Başbakan Davutoğlu, bayramlaşmak için tek tek aradığı İl
Başkanları’na “Seçime hazır olun” talimatı verdi.
Bayram öncesi CHP, MHP ve HDP ile tek tek görüşen Davutoğlu,
girilecek her türlü koalisyonun AKP’ye zaman ve oy kaybettireceğini
farkedince erken seçim için hazırlıklara başlamış gibi
görünüyor.
Uzun süredir milletvekilleri ile parti tabanı arasında sıkışıp
kalan Davutoğlu’na milletvekilleri “CHP ile koalisyon baskısı”
yapıyorlardı. MHP’nin uzlaşmaz ve mızıkçılık yapan tutumu, PKK’nın
son zamanlarda barajı geçmenin verdiği şımarıklıkla yaptığı
taşkınlıklar ve en sonunda CHP’nin Ataşehir Belediyesi ve
rezidanslar ile ilgili bulaştığı yolsuzluk şaibesi, AKP’nin
ihtiyacı olan milletvekili sayısını tamamlayarak tek başına iktidar
olma ihtimalini artırdı.
Cumhurbaşkanı Erdoğan tarafından bir müddettir geciktirilen
koalisyon görüşmeleriyle millete verilmesi gereken mesaj
verilirken, şimdi AKP’nin “burnunun sürtmesi” için oy vermeyen bir
kısım seçmenin geri dönmesi bekleniyor. Eğer bu aşamadan sonra bile
aynı sonuçlar çıkarsa, işte o zaman “millet koalisyon istiyor”
denilebilecek. AKP’yi cezalandırırken kantarın topuzunun bu kadar
kaçacağı beklenmiyordu. Şimdi de millet aynı topuzu vurmaya devam
ederse işte o zaman CHP ile bir koalisyonun yolu gözükür.

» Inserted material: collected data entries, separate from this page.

Lemma alpha_lb : exists2 c, 0 < c & forall k, c <= alpha k.
Proof.
have [r r0 inN] := N_ball.
have [c c0 Hc] := alpha_lb_near r0 (fun u hu => N_sublevel (inN u hu)).
have [K HK] : exists K, forall k, (K <= k)%N -> `|x k - xs| < r.
  apply: iterates_trapped => // u hu; apply: inN.
  by apply: lt_trans hu _; rewrite ltrDl.
have [cp cp0 Hcp] := pos_seq_prefix_lb alpha_gt0 K.
exists (Num.min c cp) => [|k]; first by rewrite lt_min c0 cp0.
have [hk|hk] := leqP K k.
  by apply: le_trans (Hc _ (HK _ hk)); rewrite ge_min lexx.
by apply: le_trans (Hcp _ hk); rewrite ge_min lexx orbT.
Qed.

Lemma J_contraction k : N (x k) ->
  J (x k.+1) - J xs <= (1 - 2 * sigma * alpha k * kappa / nB k) * (J (x k) - J xs).
Proof.
move=> Nk; have e0 : 0 <= J (x k) - J xs by rewrite subr_ge0 J_xs_le.
have PL := gradient_dominance Nk.
have hD : 2 * kappa * (J (x k) - J xs) / nB k <= D k.
  rewrite ler_pdivrMr ?nB_gt0 // mulrC.
  by have := g_sqr_le k; have := mulr_ge0 (ltW kappa_gt0) e0; rewrite /D; lra.
have := ler_wpM2l (mulr_ge0 (ltW (alpha_gt0 k)) (ltW sigma_gt0)) hD.
have -> : (1 - 2 * sigma * alpha k * kappa / nB k) * (J (x k) - J xs) =
    J (x k) - J xs - alpha k * sigma * (2 * kappa * (J (x k) - J xs) / nB k).
  by rewrite !mulrA; ring.
by have := armijo_step k; lra.
Qed.

Lemma contraction_factor_ub :
  exists2 q, q < 1 & forall k, 1 - 2 * sigma * alpha k * kappa / nB k <= q.
Proof.
have [c c0 Hc] := alpha_lb.
have c2 : 0 < 2 * sigma * c * kappa by rewrite !mulr_gt0.
exists (1 - 2 * sigma * c * kappa / MB) => [|k].
  by rewrite ltrBlDr ltrDl divr_gt0 ?MB_gt0.
rewrite lerD2l lerN2.
have nBMB : MB^-1 <= (nB k)^-1 by rewrite lef_pV2 ?posrE ?nB_gt0 ?MB_gt0 ?nB_le.
apply: (ler_pM (ltW c2) _ _ nBMB); first by rewrite invr_ge0 ltW ?MB_gt0.
rewrite ler_pM2r // -!mulrA ler_pM2l ?mulr_gt0 //.
by rewrite ler_pM2l ?Hc.
Qed.

Lemma iterates_eventually_in_N : exists K, forall k, (K <= k)%N -> N (x k).
Proof.
have [r r0 inN] := N_ball.
have [K HK] : exists K, forall k, (K <= k)%N -> `|x k - xs| < r.
  apply: iterates_trapped => // u hu; apply: inN.
  by apply: lt_trans hu _; rewrite ltrDl.
exists K => k hk; apply: inN; apply: lt_trans (HK k hk) _; by rewrite ltrDl.
Qed.

Lemma J_eventually_qcontraction : exists2 q, 0 < q < 1 &
  exists K, forall k, (K <= k)%N -> J (x k.+1) - J xs <= q * (J (x k) - J xs).
Proof.
have [q q1 Hq] := contraction_factor_ub; have [K HK] := iterates_eventually_in_N.
exists (Num.max q 2^-1); first by rewrite lt_max gt_max invr_gt0 ltr0n orbT q1 invf_lt1 ?ltr1n.
exists K => k hk; apply: le_trans (J_contraction (HK k hk)) _.
apply: ler_wpM2r; first by rewrite subr_ge0 J_xs_le.
by apply: le_trans (Hq k) _; rewrite le_max lexx.
Qed.
(* Let $\mathbb{C}$ be a regular category. If the Pairwise Chinese Remainder Theorem holds in $\mathbb{C}$, then $\mathbb{C}$ has finite 2-fold subobject decompositions.
   Context: A category is regular if it has finite limits and coequalizers of kernel pairs and regular epimorphisms are pullback-stable; the image of a subobject under a morphism is given by regular epi–mono factorization. For $w:S\to W$ and subobject $A$ of $W$, $w\in_S A$ means $w$ factors through a representative of $A$. For an equivalence relation $\theta$ on $X$ and $a,b:S\to X$, $a\equiv b\bmod\theta$ means $(a,b)\in_S\theta$. An equivalence relation is effective if it is the kernel pair of some morphism. Given $a_1,\dots,a_m:S\to X$ and equivalence relations $\theta_1,\dots,\theta_m$ on $X$, the system $x\equiv a_i\bmod\theta_i$ ($i=1,\dots,m$) is approximately solvable if there are a regular epimorphism $\alpha:Q\to S$ and a morphism $a:Q\to X$ with $a\equiv a_i\alpha\bmod\theta_i$ for all $i$; it is approximately pairwise solvable if for all $i,j$ the two-equation subsystem for $i,j$ is approximately solvable. The Pairwise Chinese Remainder Theorem holds in $\mathbb{C}$ if for every object $X$, every $m$, all $a_1,\dots,a_m:S\to X$ and all effective equivalence relations $\theta_1,\dots,\theta_m$ on $X$, approximate pairwise solvability implies approximate solvability. $\mathbb{C}$ has finite 2-fold subobject decompositions if for every positive integer $n$, all objects $A_1,\dots,A_n$ and all subobjects $S,T$ of $A_1\times\cdots\times A_n$: if for all $i,j\in\{1,\dots,n\}$ the images of $S$ and $T$ under $(\pi_i,\pi_j):A_1\times\cdots\times A_n\to A_i\times A_j$ coincide, then $S=T$. *)

From mathcomp Require Import ssreflect ssrfun ssrbool eqtype ssrnat fintype.
(* Let $P\in(0,1)$ be irrational and let $V\in\mathbb R^3$ be a good offset for $\Xi_P$. Then the tiling defined by $\Xi_{P,V}$ is coherent: for any two unit squares sharing an edge $e$, the letter of $e$ (as seen from each square) occurs in the label of one square if and only if it occurs in the label of the other.
   Context: Let $\Lambda_P\subset\mathbb R^3$ be the lattice generated by $(2,P,P),(0,2,0),(0,0,2)$, $X_P=\mathbb R^3/\Lambda_P$ with coordinates $(T,U_1,U_2)$ and fundamental domain $[-1,1]^3$, $\Xi_P(x,y)=(2Px+2y,2Px,2Px+2Py)\bmod\Lambda_P$, and for $V\in\mathbb R^3$, $\Xi_{P,V}=\Xi_P+V\bmod\Lambda_P$. Each fiber $\{T\}\times[-1,1]^2$ is partitioned: given $u_1\le u_2\le u_3$, the lines $U_1=u_i$, $U_2=u_i$ cut $[-1,1]^2$ into a $4\times4$ grid of rectangles indexed by (column $a$, row $b$), columns in increasing $U_1$, rows in increasing $U_2$. Special rectangles with single letters: for $T\in[-1,-1+P]$: $(u_1,u_2,u_3)=(T,1-P,2-P+T)$, W $(4,4)$, N $(1,3)$, E $(2,2)$, S $(3,1)$; for $T\in[-1+P,1-P]$: $(-1+P,T,1-P)$, N $(1,4)$, E $(3,3)$, W $(2,2)$, S $(4,1)$; for $T\in[1-P,1]$: $(-2+P+T,-1+P,T)$, N $(2,4)$, W $(3,3)$, S $(4,2)$, E $(1,1)$. A non-special rectangle gets the unordered pair of letters of the special rectangles in its column and in its row; special rectangles get the empty label. The pieces of the partition are the unions over all fibers of rectangles with a given label. Tile centers are the points $(m+\frac12,n+\frac12)$, $m,n\in\mathbb Z$, each the center of a unit square with edges N, S, E, W. $V$ is a good offset if $\Xi_{P,V}(c)$ lies in the interior of a piece for every tile center $c$; the tile at $c$ then carries the label of that piece, a label $\{X,Y\}$ meaning a segment joining the midpoints of edges $X$ and $Y$. *)

From Stdlib Require Import Reals ZArith.
Open Scope R_scope.

Inductive letter := lN | lS | lE | lW.

Definition irrational (x : R) : Prop :=
  forall p q : Z, q <> 0%Z -> x <> IZR p / IZR q.

Definition inLat (P a b c : R) : Prop :=
  exists i j k : Z,
    a = 2 * IZR i /\ b = P * IZR i + 2 * IZR j /\ c = P * IZR i + 2 * IZR k.

(* Data of the fiber partition at height T: the cut values u1,u2,u3 and the
   (column,row) position of the special rectangle of each letter.  The three
   T-ranges are closed, as in the paper (they overlap at their endpoints). *)
Definition fiber_data (P T u1 u2 u3 : R) (sp : letter -> nat * nat) : Prop :=
  (-1 <= T <= -1 + P /\ u1 = T /\ u2 = 1 - P /\ u3 = 2 - P + T /\
     sp lW = (4, 4)%nat /\ sp lN = (1, 3)%nat /\ sp lE = (2, 2)%nat /\ sp lS = (3, 1)%nat)
  \/
  (-1 + P <= T <= 1 - P /\ u1 = -1 + P /\ u2 = T /\ u3 = 1 - P /\
     sp lN = (1, 4)%nat /\ sp lE = (3, 3)%nat /\ sp lW = (2, 2)%nat /\ sp lS = (4, 1)%nat)
  \/
  (1 - P <= T <= 1 /\ u1 = -2 + P + T /\ u2 = -1 + P /\ u3 = T /\
     sp lN = (2, 4)%nat /\ sp lW = (3, 3)%nat /\ sp lS = (4, 2)%nat /\ sp lE = (1, 1)%nat).

Definition cut (u1 u2 u3 : R) (k : nat) : R :=
  match k with
  | O => -1
  | 1%nat => u1
  | 2%nat => u2
  | 3%nat => u3
  | _ => 1
  end.

(* Closed grid rectangle (a,b), a = column (U1), b = row (U2), a,b in 1..4. *)
Definition in_rect (u1 u2 u3 : R) (a b : nat) (x y : R) : Prop :=
  (1 <= a <= 4)%nat /\ (1 <= b <= 4)%nat /\
  cut u1 u2 u3 (a - 1) <= x <= cut u1 u2 u3 a /\
  cut u1 u2 u3 (b - 1) <= y <= cut u1 u2 u3 b.

Definition is_special (sp : letter -> nat * nat) (a b : nat) : Prop :=
  exists Z, sp Z = (a, b).

Definition rect_has (sp : letter -> nat * nat) (a b : nat) (Z : letter) : Prop :=
  ~ is_special sp a b /\ (fst (sp Z) = a \/ snd (sp Z) = b).

(* A label is a set of letters.  (t,v1,v2) in R^3 belongs to the (lifted,
   Lambda_P-periodic) piece with label L if its representative in the
   fundamental domain [-1,1]^3 lies in a (closed) rectangle of its fiber
   whose label is exactly L. *)
Definition in_piece (P : R) (L : letter -> Prop) (t v1 v2 : R) : Prop :=
  exists t0 x y : R,
    inLat P (t - t0) (v1 - x) (v2 - y) /\
    -1 <= t0 <= 1 /\ -1 <= x <= 1 /\ -1 <= y <= 1 /\
    exists (u1 u2 u3 : R) (sp : letter -> nat * nat) (a b : nat),
      fiber_data P t0 u1 u2 u3 sp /\ in_rect u1 u2 u3 a b x y /\
      forall Z, rect_has sp a b Z <-> L Z.

(* Interior in R^3 (the quotient map R^3 -> X_P is a local homeomorphism). *)
Definition interior3 (S : R -> R -> R -> Prop) (t v1 v2 : R) : Prop :=
  exists eps, 0 < eps /\
    forall t' v1' v2', Rabs (t' - t) < eps -> Rabs (v1' - v1) < eps ->
      Rabs (v2' - v2) < eps -> S t' v1' v2'.

(* Xi_{P,V}(x,y), as a point of R^3 (reduction mod Lambda_P is built into
   the periodic pieces). *)
Definition XiT (P V1 : R) (x y : R) : R := 2 * P * x + 2 * y + V1.
Definition XiU1 (P V2 : R) (x y : R) : R := 2 * P * x + V2.
Definition XiU2 (P V3 : R) (x y : R) : R := 2 * P * x + 2 * P * y + V3.

Definition tile_label (P V1 V2 V3 : R) (m n : Z) (L : letter -> Prop) : Prop :=
  let x := IZR m + / 2 in
  let y := IZR n + / 2 in
  interior3 (in_piece P L) (XiT P V1 x y) (XiU1 P V2 x y) (XiU2 P V3 x y).

Definition good_offset (P V1 V2 V3 : R) : Prop :=
  forall m n : Z, exists L, tile_label P V1 V2 V3 m n L.

Definition coherent (P V1 V2 V3 : R) : Prop :=
  forall (m n : Z) (L L' : letter -> Prop),
    (tile_label P V1 V2 V3 m n L -> tile_label P V1 V2 V3 (m + 1) n L' ->
       (L lE <-> L' lW)) /\
    (tile_label P V1 V2 V3 m n L -> tile_label P V1 V2 V3 m (n + 1) L' ->
       (L lN <-> L' lS)).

Dikkat ederseniz MHP ile demiyorum. Çünkü Devlet Bahçeli koalisyona
girdikleri dönemlerde “koltuk değneği” olmaktan başka bir işe
yaramadıklarını ve bunun sonunda meclis dışında bile kaldıklarını
çok iyi hatırlıyor. Devlet Bahçeli, devlet yönetmenin doğuştan
kendi adı gibi bahşedilen bir şey olmadığının farkında. Devlet
Bahçeli sarkık bıyık bırakıp, parmaklarla kurt işareti yapmaktan
başka bir şey bilmeyen kesimle devletin yönetilmeyeceğinin
farkında. Devlet Bahçeli koalisyon hesaplarının, kendi ne idüğü
belirsiz matematik çıkarımları gibi olmadığının farkında. Fakat
saygı duyduğum bir şey varsa da Bahçeli’nin “kendinin farkında”
olması. Bu ise ciddi olarak takdire şayan bir durum. Her zaman
ısrarla tekrar ettiğim gibi; “Ülkücüleri sokağa salmayarak ülke
istikrarına yaptığı katkı” bütün eksilerini siliyor benim
gözümde.
Bütün bu süreç boyunca dikkat etmemiz gereken en kritik mevzuu ise,
Cumhurbaşkanı Erdoğan zamanında kendilerine üst tabakalarda yer
bulamamış “bir kesimin”, şimdi Davutoğlu’nun çevresinde
“çöreklenerek” arabozuculuk için uğraşmalarıdır. Nemalanmak için
ilk şartlarının Erdoğan’ın istemediği AKP-CHP Koalisyonu olduğunun
farkındalar. O yüzden Hoca ile Reis’in arasını açmak için her türlü
girişimde bulunuyorlar.
Bu dava bizim davamız. Yıllar boyunca boynumuza takılan prangaları
kırmak için bu en önemli şansımız olurken, İslam Davasının kişisel
menfaatlere feda edilmesi canımızı acıtıyor. Üniversite
yıllarındaki Dava Liderlerimizden olan Ali Bulaç’ın bile, artık
tercih olarak “The Cemaat” Liderliğine soyunmuş olması karşısında
“Allah rızası için ihlas” diyorum.
Davaya ihanet edenleri Allah affetse, onlar kendilerini nasıl
affedecekler? Nasıl Allah’ın yüzüne bakacaklar? Hiç düşündüler mi?